(* If a graph $G$ has three distinct cutvertices lying in the same connected component of $G$, then $G$ does not belong to DH $\cap$ co-DH.
   Context: All graphs are finite and simple. A cutvertex is a vertex whose deletion increases the number of connected components. A graph is distance-hereditary if it has no induced subgraph isomorphic to a hole (an induced cycle of length at least $5$), the house (a $5$-cycle plus one chord), the domino (a $6$-cycle $v_1\dots v_6$ plus the chord $v_1v_4$), or the gem ($P_4$ plus a vertex adjacent to all four of its vertices). DH $\cap$ co-DH is the class of graphs $G$ such that both $G$ and its complement are distance-hereditary. *)

From mathcomp Require Import all_boot.
Set Implicit Arguments. Unset Strict Implicit. Unset Printing Implicit Defensive.

(* A finite simple graph: vertex type T : finType, adjacency e : rel T,
   assumed symmetric and irreflexive in the theorem. *)

Definition connect_in (T : finType) (e : rel T) (S : {set T}) : rel T :=
  connect (fun a b => [&& a \in S, b \in S & e a b]).

Definition components (T : finType) (e : rel T) (S : {set T}) : {set {set T}} :=
  [set [set y in S | connect_in e S x y] | x in S].

Definition ncomp (T : finType) (e : rel T) (S : {set T}) : nat :=
  #|components e S|.

Definition cutvertex (T : finType) (e : rel T) (v : T) : bool :=
  ncomp e [set: T] < ncomp e [set~ v].

Definition compl_rel (T : finType) (e : rel T) : rel T :=
  fun x y => (x != y) && ~~ e x y.

Definition has_induced (U T : finType) (h : rel U) (e : rel T) : Prop :=
  exists f : U -> T, injective f /\ forall a b, h a b = e (f a) (f b).

Definition cycle_rel (n : nat) : rel 'I_n :=
  fun i j => (val j == (val i).+1 %% n) || (val i == (val j).+1 %% n).

Definition edge_is (n a b : nat) : rel 'I_n :=
  fun i j => ((val i == a) && (val j == b)) || ((val i == b) && (val j == a)).

Definition house_rel : rel 'I_5 :=
  fun i j => @cycle_rel 5 i j || edge_is 1 4 i j.

Definition domino_rel : rel 'I_6 :=
  fun i j => @cycle_rel 6 i j || edge_is 0 3 i j.

Definition gem_rel : rel 'I_5 :=
  fun i j => [|| edge_is 0 1 i j, edge_is 1 2 i j, edge_is 2 3 i j,
                 ((val i == 4) && (val j != 4)) | ((val j == 4) && (val i != 4))].

Definition distance_hereditary (T : finType) (e : rel T) : Prop :=
  (forall n, 5 <= n -> ~ has_induced (@cycle_rel n) e) /\
  ~ has_induced house_rel e /\
  ~ has_induced domino_rel e /\
  ~ has_induced gem_rel e.

From mathcomp Require Import all_boot.
Set Implicit Arguments. Unset Strict Implicit. Unset Printing Implicit Defensive.

(* A cutvertex s has, for every vertex v, a neighbour x that G - s separates
   from v; x is then non-adjacent to every vertex other than s that G - s joins
   to v.  Hence an induced path s p q r starting at a cutvertex extends to an
   induced P5 x s p q r, whose complement is the house.  If two of the three
   cutvertices, s and t, are non-adjacent, such a path exists: s p t x with x a
   neighbour of t separated from s when dist(s, t) = 2, and the first vertices
   of a shortest path from s when dist(s, t) >= 3.  If the three cutvertices are
   pairwise adjacent, the neighbours x_u, x_v, x_w chosen in this way give an
   induced P4 x_u u v x_v plus the isolated vertex x_w, whose complement is the
   gem. *)

Lemma leq_card_imset_coarse (T U V : finType) (f : T -> U) (g : T -> V)
    (A : {set T}) :
  {in A &, forall x y, g x = g y -> f x = f y} -> #|f @: A| <= #|g @: A|.
Proof.
move=> gf; have [->|[x0 _]] := set_0Vmem A; first by rewrite !imset0 !cards0.
pose h z := f (odflt x0 [pick x in A | g x == z]).
suff -> : f @: A = h @: (g @: A) by apply: leq_imset_card.
rewrite -imset_comp; apply: eq_in_imset => x xA; rewrite /h /=.
case: pickP => [y /andP[yA /eqP gyx]|/(_ x)]; first exact: gf.
by rewrite xA eqxx.
Qed.

Lemma connect_exit (T : finType) (r : rel T) (A : {pred T}) a b :
  connect r a b -> a \in A -> b \notin A ->
  exists x y, [/\ x \in A, y \notin A & r x y].
Proof.
case/connectP=> p + ->; elim: p a => [|y p IH] a /=; first by move=> _ ->.
case/andP=> ay pth aA; have [yA|yA] := boolP (y \in A); first exact: IH.
by exists a, y.
Qed.

Section Graph.
Variables (T : finType) (e : rel T).
Hypotheses (se : symmetric e) (ie : irreflexive e).

Lemma adj_neq x y : e x y -> x != y.
Proof. by apply: contraTneq => ->; rewrite ie. Qed.

Lemma connect_in_sym (S : {set T}) :
  connect_sym (fun a b => [&& a \in S, b \in S & e a b]).
Proof. by apply: sym_connect_sym => a b; rewrite andbCA se. Qed.

Lemma connect_in_edge (S : {set T}) x y :
  x \in S -> y \in S -> e x y -> connect_in e S x y.
Proof. by move=> xS yS exy; apply: connect1; rewrite /= xS yS. Qed.

Lemma connect_in_closed (S : {set T}) a x :
  connect_in e S a x -> a \in S -> x \in S.
Proof. by move=> ax; rewrite -(closed_connect _ ax) // => y z /and3P[-> ->]. Qed.

Lemma connect_in_setT x y : connect_in e [set: T] x y = connect e x y.
Proof. by apply: eq_connect => a b; rewrite !in_setT. Qed.

Lemma disconnected_neq (S : {set T}) x y : ~~ connect_in e S x y -> x != y.
Proof. by apply: contraNneq => ->; apply: connect0. Qed.

Lemma cutvertex_splits u : cutvertex e u ->
  exists a b, [/\ a \in [set~ u], b \in [set~ u], connect e a b
                & ~~ connect_in e [set~ u] a b].
Proof.
move=> cut_u.
suff /existsP[a /existsP[b /and4P[]]] : [exists a, exists b,
    [&& a \in [set~ u], b \in [set~ u], connect e a b
      & ~~ connect_in e [set~ u] a b]] by exists a, b.
apply: contraLR cut_u => /existsPn split_none.
rewrite /cutvertex /ncomp /components -leqNgt.
pose compT x := [set y in [set: T] | connect_in e [set: T] x y].
apply: leq_trans (subset_leq_card (imsetS compT (subsetT [set~ u]))).
apply: leq_card_imset_coarse.
move=> x y xS yS eqxy; have cxy : connect e x y.
  have : y \in compT y by rewrite !inE; apply: connect0.
  by rewrite -eqxy !inE connect_in_setT.
have /existsPn/(_ y) := split_none x.
rewrite xS yS cxy /= negbK => cSxy.
apply/setP=> z.
by rewrite !inE /connect_in (same_connect (connect_in_sym _) cSxy).
Qed.

Lemma cutvertex_far_neighbor u v : cutvertex e u ->
  exists x, e u x /\ ~~ connect_in e [set~ u] x v.
Proof.
case/cutvertex_splits=> a [b [aS bS ab nab]].
have [c [d [cS cd ncd ncv]]] : exists c d, [/\ c \in [set~ u], connect e c d,
    ~~ connect_in e [set~ u] c d & ~~ connect_in e [set~ u] c v].
  have [av|nav] := boolP (connect_in e [set~ u] a v); last by exists a, b.
  exists b, a; rewrite (sym_connect_sym se) /connect_in !(connect_in_sym _ b).
  by split=> //; apply: contra nab => /(connect_trans av).
have [x [y [cx ncy exy]]] := connect_exit cd (connect0 _ c) ncd.
have xS : x \in [set~ u] := connect_in_closed cx cS.
have yu : y = u.
  apply/eqP; apply: contraNT ncy => yu; apply: connect_trans cx _.
  by apply: connect_in_edge; rewrite // !inE.
exists x; split; first by rewrite -yu se.
by apply: contra ncv; apply: connect_trans cx.
Qed.

Lemma separated_nonadj s t x z : e s x -> z != s ->
  connect_in e [set~ s] z t -> ~~ connect_in e [set~ s] x t -> e x z = false.
Proof.
move=> sx zs zt; apply: contraNF => xz; apply: connect_trans zt.
have xs : x != s by rewrite eq_sym adj_neq.
by apply: connect_in_edge; rewrite ?inE.
Qed.

Fixpoint ball s n : {set T} :=
  if n is n'.+1 then ball s n' :|: [set y | [exists x in ball s n', e x y]]
  else [set s].

Lemma ball0 s x : (x \in ball s 0) = (x == s).
Proof. by rewrite inE. Qed.

Lemma ballS s n x y : x \in ball s n -> e x y -> y \in ball s n.+1.
Proof.
by move=> xn xy; rewrite !inE; apply/orP; right; apply/exists_inP; exists x.
Qed.

Lemma ballP s n y :
  y \in ball s n.+1 -> y \in ball s n \/ exists2 x, x \in ball s n & e x y.
Proof. by rewrite !inE => /orP[|/exists_inP]; [left|right]. Qed.

Lemma ball_mono s m n : m <= n -> {subset ball s m <= ball s n}.
Proof.
move/subnKC <-; elim: (n - m) => [|k IH] x; first by rewrite addn0.
by rewrite addnS inE => /IH ->.
Qed.

Lemma ball1 s y : (y \in ball s 1) = (y == s) || e s y.
Proof.
rewrite !inE; congr (_ || _); apply/existsP/idP => [[x /andP[]]|sy].
  by rewrite inE => /eqP ->.
by exists s; rewrite inE eqxx.
Qed.

Lemma ball_nonadj s n x y :
  x \in ball s n -> y \notin ball s n.+1 -> e x y = false.
Proof. by move=> xn; apply: contraNF; apply: ballS. Qed.

Lemma ball_pred s n y : y \in ball s n.+2 -> y \notin ball s n.+1 ->
  exists x, [/\ x \in ball s n.+1, x \notin ball s n & e x y].
Proof.
move=> yn2 yn1; have [|[x xn1 xy]] := ballP yn2; first by rewrite (negPf yn1).
by exists x; split=> //; apply: contra yn1 => /ballS; apply.
Qed.

Lemma ball_stable_connect s n : ball s n.+1 \subset ball s n ->
  forall t, connect e s t -> t \in ball s n.
Proof.
move=> /subsetP stable t /connectP[p + ->] {t}.
elim/last_ind: p => [|p y IH] /=.
  by move=> _; apply: (ball_mono (leq0n n)); rewrite ball0.
rewrite rcons_path last_rcons => /andP[/IH xn xy].
exact/stable/(ballS xn xy).
Qed.

(* The complement of the path 0-1-2-3-4 is the house relabelled by 1 3 0 2 4. *)
Lemma house_in_compl_of_P5 a b c d x :
  e a b -> e b c -> e c d -> e d x ->
  e a c = false -> e a d = false -> e a x = false ->
  e b d = false -> e b x = false -> e c x = false ->
  has_induced house_rel (compl_rel e).
Proof.
move=> ab bc cd dx ac ad ax bd bx cx.
have U : uniq [:: c; a; d; b; x].
  (* identifying any two of the vertices contradicts an edge or a non-edge *)
  rewrite /= !inE !negb_or !andbT;
  repeat (apply/andP; split); apply/eqP => E; subst;
  rewrite ?ie // 1?se in ab bc cd dx ac ad ax bd bx cx *; congruence.
pose g (i : 'I_5) := nth a [:: c; a; d; b; x] i.
have gK i j : (g i == g j) = (i == j) by rewrite /g nth_uniq.
exists g; split=> [i j /eqP|i j]; first by rewrite gK => /eqP.
rewrite /compl_rel gK /g.
case: i => [[|[|[|[|[|i]]]]] Hi] //; case: j => [[|[|[|[|[|j]]]]] Hj] //=;
rewrite ?(se b a) ?(se c a) ?(se d a) ?(se x a) ?(se c b);
rewrite ?(se d b) ?(se x b) ?(se d c) ?(se x c) ?(se x d);
rewrite ?ab ?bc ?cd ?dx ?ac ?ad ?ax ?bd ?bx ?cx //.
Qed.

(* The complement of the path 0-1-2-3 plus an isolated vertex 4 is the gem
   relabelled by 2 0 3 1 4. *)
Lemma gem_in_compl_of_P4K1 p q r s z :
  e p q -> e q r -> e r s ->
  e p r = false -> e p s = false -> e q s = false ->
  e p z = false -> e q z = false -> e r z = false -> e s z = false ->
  has_induced gem_rel (compl_rel e).
Proof.
move=> pq qr rs pr ps qs pz qz rz sz.
have U : uniq [:: q; s; p; r; z].
  rewrite /= !inE !negb_or !andbT;
  repeat (apply/andP; split); apply/eqP => E; subst;
  rewrite ?ie // 1?se in pq qr rs pr ps qs pz qz rz sz *; congruence.
pose g (i : 'I_5) := nth p [:: q; s; p; r; z] i.
have gK i j : (g i == g j) = (i == j) by rewrite /g nth_uniq.
exists g; split=> [i j /eqP|i j]; first by rewrite gK => /eqP.
rewrite /compl_rel gK /g.
case: i => [[|[|[|[|[|i]]]]] Hi] //; case: j => [[|[|[|[|[|j]]]]] Hj] //=;
rewrite ?(se q p) ?(se r p) ?(se s p) ?(se z p) ?(se r q);
rewrite ?(se s q) ?(se z q) ?(se s r) ?(se z r) ?(se z s);
rewrite ?pq ?qr ?rs ?pr ?ps ?qs ?pz ?qz ?rz ?sz //.
Qed.

Lemma house_of_cutvertex_P4 s p q r : cutvertex e s ->
  e s p -> e p q -> e q r -> e s q = false -> e s r = false -> e p r = false ->
  has_induced house_rel (compl_rel e).
Proof.
move=> cs sp pq qr sq sr pr.
have [x [sx nxr]] := cutvertex_far_neighbor r cs.
have ps : p != s by rewrite eq_sym adj_neq.
have qs : q != s by apply: contraTneq qr => ->; rewrite sr.
have rs : r != s by apply: contraTneq qr => ->; rewrite se sq.
have qr_s : connect_in e [set~ s] q r by apply: connect_in_edge; rewrite ?inE.
have pr_s : connect_in e [set~ s] p r.
  by apply: connect_trans qr_s; apply: connect_in_edge; rewrite ?inE.
apply: (house_in_compl_of_P5 (a := x) _ sp pq qr) => //; first by rewrite se.
- exact: separated_nonadj sx ps pr_s nxr.
- exact: separated_nonadj sx qs qr_s nxr.
- exact: separated_nonadj sx rs (connect0 _ r) nxr.
Qed.

Lemma house_of_nonadj_cutvertices s t : cutvertex e s -> cutvertex e t ->
  s != t -> e s t = false -> connect e s t -> has_induced house_rel (compl_rel e).
Proof.
move=> cs ct st nst cst.
have s0 : s \in ball s 0 by rewrite ball0.
have t1 : t \notin ball s 1 by rewrite ball1 negb_or eq_sym st nst.
have [t2|t2] := boolP (t \in ball s 2).
  have [p [p1 p0 pt]] := ball_pred t2 t1.
  have sp : e s p by move: p1; rewrite ball1 -ball0 (negPf p0).
  have [x [tx nxs]] := cutvertex_far_neighbor s ct.
  have ps_t : connect_in e [set~ t] p s.
    by apply: connect_in_edge; rewrite ?inE 1?se // adj_neq.
  apply: (house_of_cutvertex_P4 cs sp pt tx nst).
    by rewrite se (separated_nonadj tx _ (connect0 _ s) nxs).
  by rewrite se (separated_nonadj tx _ ps_t nxs) // adj_neq.
have /subsetPn[r r3 r2] : ~~ (ball s 3 \subset ball s 2).
  by apply: contra t2 => /ball_stable_connect; apply.
have [q [q2 q1 qr]] := ball_pred r3 r2.
have [p [p1 p0 pq]] := ball_pred q2 q1.
have sp : e s p by move: p1; rewrite ball1 -ball0 (negPf p0).
apply: (house_of_cutvertex_P4 cs sp pq qr).
- exact: ball_nonadj s0 q1.
- exact: ball_nonadj (ball_mono (leq0n 1) s0) r2.
- exact: ball_nonadj p1 r2.
Qed.

Lemma gem_of_cutvertex_triangle u v w :
  cutvertex e u -> cutvertex e v -> cutvertex e w ->
  e u v -> e v w -> e u w -> has_induced gem_rel (compl_rel e).
Proof.
move=> cu cv cw uv vw uw.
have [xu [uxu nxu]] := cutvertex_far_neighbor v cu.
have [xv [vxv nxv]] := cutvertex_far_neighbor u cv.
have [xw [wxw nxw]] := cutvertex_far_neighbor u cw.
have uv' := adj_neq uv; have vu : v != u by rewrite eq_sym.
have uw' := adj_neq uw; have wu : w != u by rewrite eq_sym.
have vw' := adj_neq vw; have wv : w != v by rewrite eq_sym.
have vu_w : connect_in e [set~ w] v u.
  by apply: connect_in_edge; rewrite ?inE // se.
have wv_u : connect_in e [set~ u] w v.
  by apply: connect_in_edge; rewrite ?inE // se.
have wu_v : connect_in e [set~ v] w u.
  by apply: connect_in_edge; rewrite ?inE // se.
have xvu : xv != u := disconnected_neq nxv.
have xwu : xw != u := disconnected_neq nxw.
have xwv : xw != v by apply: contraNneq nxw => ->.
apply: (gem_in_compl_of_P4K1 (p := xu) (z := xw) _ uv vxv).
- by rewrite se.
- exact: separated_nonadj uxu vu (connect0 _ v) nxu.
- apply: (separated_nonadj uxu xvu _ nxu).
  by apply: connect_in_edge; rewrite ?inE // se.
- by rewrite se (separated_nonadj vxv uv' (connect0 _ u) nxv).
- apply: (separated_nonadj uxu xwu _ nxu); apply: connect_trans wv_u.
  by apply: connect_in_edge; rewrite ?inE // se.
- by rewrite se (separated_nonadj wxw uw' (connect0 _ u) nxw).
- by rewrite se (separated_nonadj wxw vw' vu_w nxw).
- apply: (separated_nonadj vxv xwv _ nxv); apply: connect_trans wu_v.
  by apply: connect_in_edge; rewrite ?inE // se.
Qed.
End Graph.

Theorem lemma4 (T : finType) (e : rel T) :
  symmetric e -> irreflexive e ->
  (exists u v w : T,
      [&& u != v, v != w & u != w] /\
      [&& cutvertex e u, cutvertex e v & cutvertex e w] /\
      connect_in e [set: T] u v /\ connect_in e [set: T] u w) ->
  ~ (distance_hereditary e /\ distance_hereditary (compl_rel e)).
Proof.
move=> se ie [u [v [w [/and3P[uv vw uw] [/and3P[cu cv cw] []]]]]].
rewrite !connect_in_setT => cuv cuw [_ [_ [no_house [_ no_gem]]]].
have cvw : connect e v w.
  by apply: connect_trans cuw; rewrite (sym_connect_sym se).
have house := house_of_nonadj_cutvertices se ie.
case euv: (e u v); last exact: no_house (house _ _ cu cv uv euv cuv).
case evw: (e v w); last exact: no_house (house _ _ cv cw vw evw cvw).
case euw: (e u w); last exact: no_house (house _ _ cu cw uw euw cuw).
exact: no_gem (gem_of_cutvertex_triangle se ie cu cv cw euv evw euw).
Qed.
■ ■ ■
-- WHAT YOU ARE ASKED TO DO --
All of the lines above that carry the string "ncomp" need to be found and copied.

-- RESULT OF THIS EXERCISE --
Definition ncomp (T : finType) (e : rel T) (S : {set T}) : nat :=
  ncomp e [set: T] < ncomp e [set~ v].
rewrite /cutvertex /ncomp /components -leqNgt.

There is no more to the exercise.